Template: dataset inventory
| Field | Required content | Example |
|---|---|---|
| dataset_id | 唯一编号,包含 use case、集合类型和版本 | CONTACT-RAG-GOLDEN-v2026.06.30 |
| dataset_type | golden / challenge / adversarial / regression / synthetic / production_sample | regression |
| business_use_case | 绑定业务能力和流程节点 | 客服 RAG 回答零售账户费用政策 |
| risk_tier | low / medium / high / prohibited-boundary | high |
| owner | business owner、product owner、technical owner | Retail Servicing PO + AI Platform Architect |
| source_mix | real、synthetic、policy-authored、incident-derived 比例 | 45% real, 35% synthetic, 20% incident-derived |
| active_scope | 产品、渠道、语言、地区、客户类型、流程节点 | mobile + call center, English / Spanish, checking and cards |
| excluded_scope | 明确不覆盖的范围 | wealth advisory、commercial banking、legal complaints |
| label_authority | 谁有权确认 expected behavior 和 severity | servicing SME + compliance reviewer |
| privacy_classification | PII / confidential / de-identified / synthetic | de-identified with restricted access |
| retention_rule | active、archive、purge 规则 | active 18 months, archived 5 years for release evidence |
| release_usage | 哪些 release gate 使用 | prompt, RAG corpus, retriever, model route, tool changes |
| evidence_location | manifest、run、approval、exception 的归档位置 | evidence binder path or GRC object id |
| last_reviewed | 最近一次 portfolio review 日期 | 2026-06-30 |
| next_review_trigger | 日期或事件触发 | quarterly review or complaint spike |
Template: coverage matrix
| Coverage dimension | Required slices | Current coverage signal | Gap decision |
|---|---|---|---|
| Product | checking, credit card, loan, mortgage, prepaid | card cases overrepresented | add checking fee and loan servicing cases |
| Channel | mobile, web, branch, call center, back office | mobile and call center covered | create branch handoff cases |
| Language | English, Spanish, bilingual, low-literacy phrasing | English strong, Spanish thin | promote Spanish synthetic + SME-authored cases |
| Customer segment | new customer, long-tenured, vulnerable customer, thin-file, small business where applicable | vulnerable customer not explicit | add escalation and accommodation cases |
| Workflow point | read, summarize, recommend, draft, act | read/summarize covered | add draft and tool-approval cases before agent release |
| Failure mode | unsupported claim, wrong citation, under-escalation, unauthorized action, PII leakage, over-refusal | wrong citation and unsupported claim covered | adversarial set needs tool and PII cases |
| Risk severity | critical, high, medium, low | high and medium sufficient | critical cases need hard gate definition |
| Data source | policy document, transaction fact, case note, customer message, tool observation | policy documents strong | add tool observation and stale-policy cases |
| Time sensitivity | current policy, outdated policy, effective-date conflict | current policy only | add effective-date challenge cases |
| Evidence quality | complete, missing field, conflicting source, ambiguous source | complete evidence dominant | add missing and conflicting source cases |
How to use:
1. Define release scope first.
2. Mark each required slice as covered, thin, missing or not in scope.

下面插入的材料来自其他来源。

(* Let $\{w^k\}$ be generated by Algorithm 2 (running infinitely) and suppose $\varepsilon^k\to0$. Then each accumulation point $\bar w$ of $\{w^k\}$ that is feasible for (P) and AM-regular is an M-stationary point of (P), i.e., there is $\lambda\in\mathbb Y$ with $0\in\nabla f(\bar w)+G'(\bar w)^*\lambda+\mathcal N^{\lim}_D(\bar w)$ and $\lambda\in\mathcal N_C(G(\bar w))$.
   Context: Standing setting: $\mathbb W,\mathbb Y$ Euclidean spaces; (P) is $\min f(w)$ s.t. $G(w)\in C$, $w\in D$, with $f\colon\mathbb W\to\mathbb R$, $G\colon\mathbb W\to\mathbb Y$ continuously differentiable, $C\subset\mathbb Y$ nonempty closed convex, $D\subset\mathbb W$ nonempty closed. $P_C$ is the Euclidean projection onto $C$, $d_C(y)=\|y-P_C(y)\|$, $\mathcal N_C$ the convex normal cone ($\varnothing$ outside $C$); $\mathcal N^{\lim}_D(\bar w):=\limsup_{w\to\bar w}\operatorname{cone}(w-\Pi_D(w))$ for $\bar w\in D$ ($\Pi_D$ multivalued projection, outer set limit), $\varnothing$ for $\bar w\notin D$. A feasible $\bar w$ is AM-regular if $\limsup_{w\to\bar w,\,z\to0}\mathcal M(w,z)\subset\mathcal M(\bar w,0)$ with $\mathcal M(w,z):=G'(w)^*\mathcal N_C(G(w)-z)+\mathcal N^{\lim}_D(w)$. Augmented Lagrangian $\mathcal L_\rho(w,\lambda):=f(w)+\frac\rho2 d_C^2(G(w)+\lambda/\rho)$; $V_\rho(w,u):=\|G(w)-P_C(G(w)+u/\rho)\|$. Algorithm 2: data $\rho_0>0$, $\beta>1$, $\eta\in(0,1)$, $w^0\in D$, a nonempty bounded set $U\subset\mathbb Y$. For $k=0,1,\dots$: choose $u^k\in U$; compute $w^{k+1}$ and $\varepsilon^{k+1}\in\mathbb W$ with $\varepsilon^{k+1}\in\nabla_w\mathcal L_{\rho_k}(w^{k+1},u^k)+\mathcal N^{\lim}_D(w^{k+1})$; set $\lambda^{k+1}:=\rho_k[G(w^{k+1})+u^k/\rho_k-P_C(G(w^{k+1})+u^k/\rho_k)]$; if $k=0$ or $V_{\rho_k}(w^{k+1},u^k)\le\eta V_{\rho_{k-1}}(w^k,u^{k-1})$ set $\rho_{k+1}:=\rho_k$, else $\rho_{k+1}:=\beta\rho_k$. *)

(* Euclidean spaces W = 'rV[R]_n, Y = 'rV[R]_m
   with the standard inner product (topology = the library's one on matrices,
   which coincides with the Euclidean topology). *)
From HB Require Import structures.
From mathcomp Require Import all_boot all_order all_algebra.
From mathcomp Require Import all_classical all_reals all_analysis.
Set Implicit Arguments. Unset Strict Implicit. Unset Printing Implicit Defensive.
Import Order.TTheory GRing.Theory Num.Theory.
Import numFieldNormedType.Exports.
Local Open Scope classical_set_scope.
Local Open Scope ring_scope.
Lemma copies_leq_expn : (copies Q E <= n ^ s)%N.
Proof.
rewrite /copies copies_inE.
pose g (f : {ffun 'I_s -> 'I_n}) :=
  (f @: [set: 'I_s], (fun e : {set 'I_s} => f @: e) @: Q).
apply: (@leq_trans #|[set g f | f in [set: {ffun 'I_s -> 'I_n}]]|).
  apply: subset_leq_card; apply/fintype.subsetP => -[V E']; rewrite inE.
  case/and3P => _ _ /existsP[f /and3P[_ /eqP /= fV /eqP /= fE']].
  by apply/imsetP; exists f; rewrite ?inE // /g fV fE'.
by apply: leq_trans (leq_imset_card _ _) _; rewrite cardsT card_ffun !card_ord.
Qed.

Variable R : realType.

Lemma PQH_copy_sum (x : 'I_n -> R) : PQH Q E x =
  s`!%:R * \sum_(c in copy_set [set: 'I_n]) \prod_(i in c.1) x i.
Proof.
rewrite /PQH; congr (_ * _).
rewrite (partition_big (fun c => c.1) (fun I : {set 'I_n} => #|I| == s)) /=;
  last by move=> c /card_copy_vertices ->.
apply: eq_bigr => I /eqP hI; rewrite copies_in_spanning //.
rewrite [RHS](eq_bigr (fun=> \prod_(i in I) x i)); last by move=> c /andP[_ /eqP ->].
rewrite sumr_const mulr_natl; congr (_ *+ _); apply: eq_card => c.
by rewrite !inE [in RHS]unfold_in /= !inE.
Qed.

Lemma PQH_scale (a : R) (x : 'I_n -> R) :
  PQH Q E (fun i => a * x i) = a ^+ s * PQH Q E x.
Proof.
rewrite !PQH_copy_sum mulrCA; congr (_ * _); rewrite mulr_sumr.
apply: eq_bigr => c hc.
by rewrite big_split /= prodr_const (card_copy_vertices hc).
Qed.

Lemma PQH_const1 : PQH Q E (fun=> 1 : R) = s`!%:R * (copies Q E)%:R.
Proof.
rewrite PQH_copy_sum; under eq_bigr do rewrite prodr_const expr1n.
by rewrite sumr_const.
Qed.

Lemma ler_PQH (x y : 'I_n -> R) : (forall i, 0 <= x i <= y i) ->
  PQH Q E x <= PQH Q E y.
Proof.
move=> h; rewrite !PQH_copy_sum ler_wpM2l //.
by apply: ler_sum => c _; apply: ler_prod => i _.
Qed.

Lemma PQH_le_norm (x : 'I_n -> R) : PQH Q E x <= PQH Q E (fun i => `|x i|).
Proof.
rewrite !PQH_copy_sum ler_wpM2l //; apply: le_trans (ler_norm _) _.
apply: le_trans (ler_norm_sum _ _ _) _.
by apply: ler_sum => c _; rewrite normr_prod.
Qed.

End Copies.

Lemma card_blowup_vert n (k : 'I_n -> nat) : #|{: blowup_vert k}| = (\sum_i k i)%N.
Proof.
rewrite card_tagged sumnE big_map big_enum /=.
by apply: eq_bigr => i _; rewrite card_ord.
Qed.

(* A choice of one vertex in the class of each i in V is a partial function
   w : 'I_n -> option (blowup_vert k) with support V, i.e. an element of
   [pfamily None V in_class]; off V, [chosen_vertex w] is an arbitrary default. *)
Section BlowupCopies.
Variables (r s n : nat) (Q : hgraph s) (E : hgraph n).
Hypothesis Eu : uniform r E.
Variables (k : 'I_n -> nat) (N : nat).
Variables (phi : 'I_N -> blowup_vert k) (psi : blowup_vert k -> 'I_N).
Hypothesis psiK : cancel psi phi.
Hypothesis k_gt0 : forall i, (0 < k i)%N.
Lemma pr_state_x_eq k i :
  x k i = m / n%:R + (1 - m) * \sum_j hyperlink R E i j * (x k j - z k j).
Proof.
elim: k i => [|k IH] i.
  by rewrite big1 ?mulr0 ?addr0 // => j _; rewrite subrr mulr0.
have IHi := IH i; rewrite /x /z /= /pr_step /= in IHi *.
set xk := (pr_state E m th k).1 in IHi *; set zk := (pr_state E m th k).2 in IHi *.
set t := th k; set c := (1 - m) / (outdeg E t)%:R * zk t.
have shift j : (if E t j then xk j + c else xk j) -
    (if j == t then 0 else if E t j then zk j + c else zk j) =
    (xk j - zk j) + (if j == t then zk t else 0).
  case: eqP => [->|_]; first by rewrite (negbTE (E_irrefl t)); ring.
  by case: ifP => _; ring.
under eq_bigr => j _ do rewrite shift mulrDr.
have selected : \sum_j hyperlink R E i j * (if j == t then zk t else 0) =
    hyperlink R E i t * zk t.
  by rewrite (bigD1 t) //= eqxx big1 ?addr0 // => j /negbTE ->; rewrite mulr0.
rewrite big_split /= selected hyperlinkE /c.
by case: ifP => _; rewrite IHi; ring.
Qed.

Variable xstar : 'cV[R]_n.
Hypothesis xstar_fix :
  xstar = (1 - m) *: (hyperlink R E *m xstar) + const_mx (m / n%:R).

Let xstar_eq i :
  xstar i 0 = m / n%:R + (1 - m) * \sum_j hyperlink R E i j * xstar j 0.
Proof. by rewrite {1}xstar_fix !mxE addrC. Qed.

3. Convert missing high-risk slices into candidate cases.
4. Do not approve high-impact releases when critical slices are missing without explicit risk acceptance.
Template: label quality and authority
| Field | Required content | Example |
|---|---|---|
| case_id | Case identifier | AML-CHALLENGE-2026Q3-0041 |
| expected_behavior | What AI should do | Summarize suspicious pattern, cite transactions, recommend analyst review, avoid final SAR conclusion |
| unacceptable_behavior | What must not happen | State that SAR filing is required without analyst decision |
| primary_label | Business or risk label | possible structuring pattern |
| severity | critical / high / medium / low | high |
| policy_reference | Policy, procedure or control version | AML Investigation Procedure v2026.05 |
| reviewer_1 | Role and decision | AML SME: approve expected behavior |
| reviewer_2 | Role and decision | Financial crime compliance: approve escalation boundary |
| conflict_state | none / open / resolved | resolved |
| conflict_resolution | Final rationale | Wording changed from “must file” to “requires analyst determination” |
| label_version | Version of label decision | label-v2 |
| review_expiry | Date or policy-change trigger | expires when AML procedure changes or after 12 months |
Label governance rules:
- High and critical cases require at least one business SME and one risk/compliance reviewer.
- Label changes require versioning and impact analysis on historical runs.
- A case with open label conflict can be used for exploration but not as a release blocker.
- Synthetic cases need both realism review and expected-behavior review.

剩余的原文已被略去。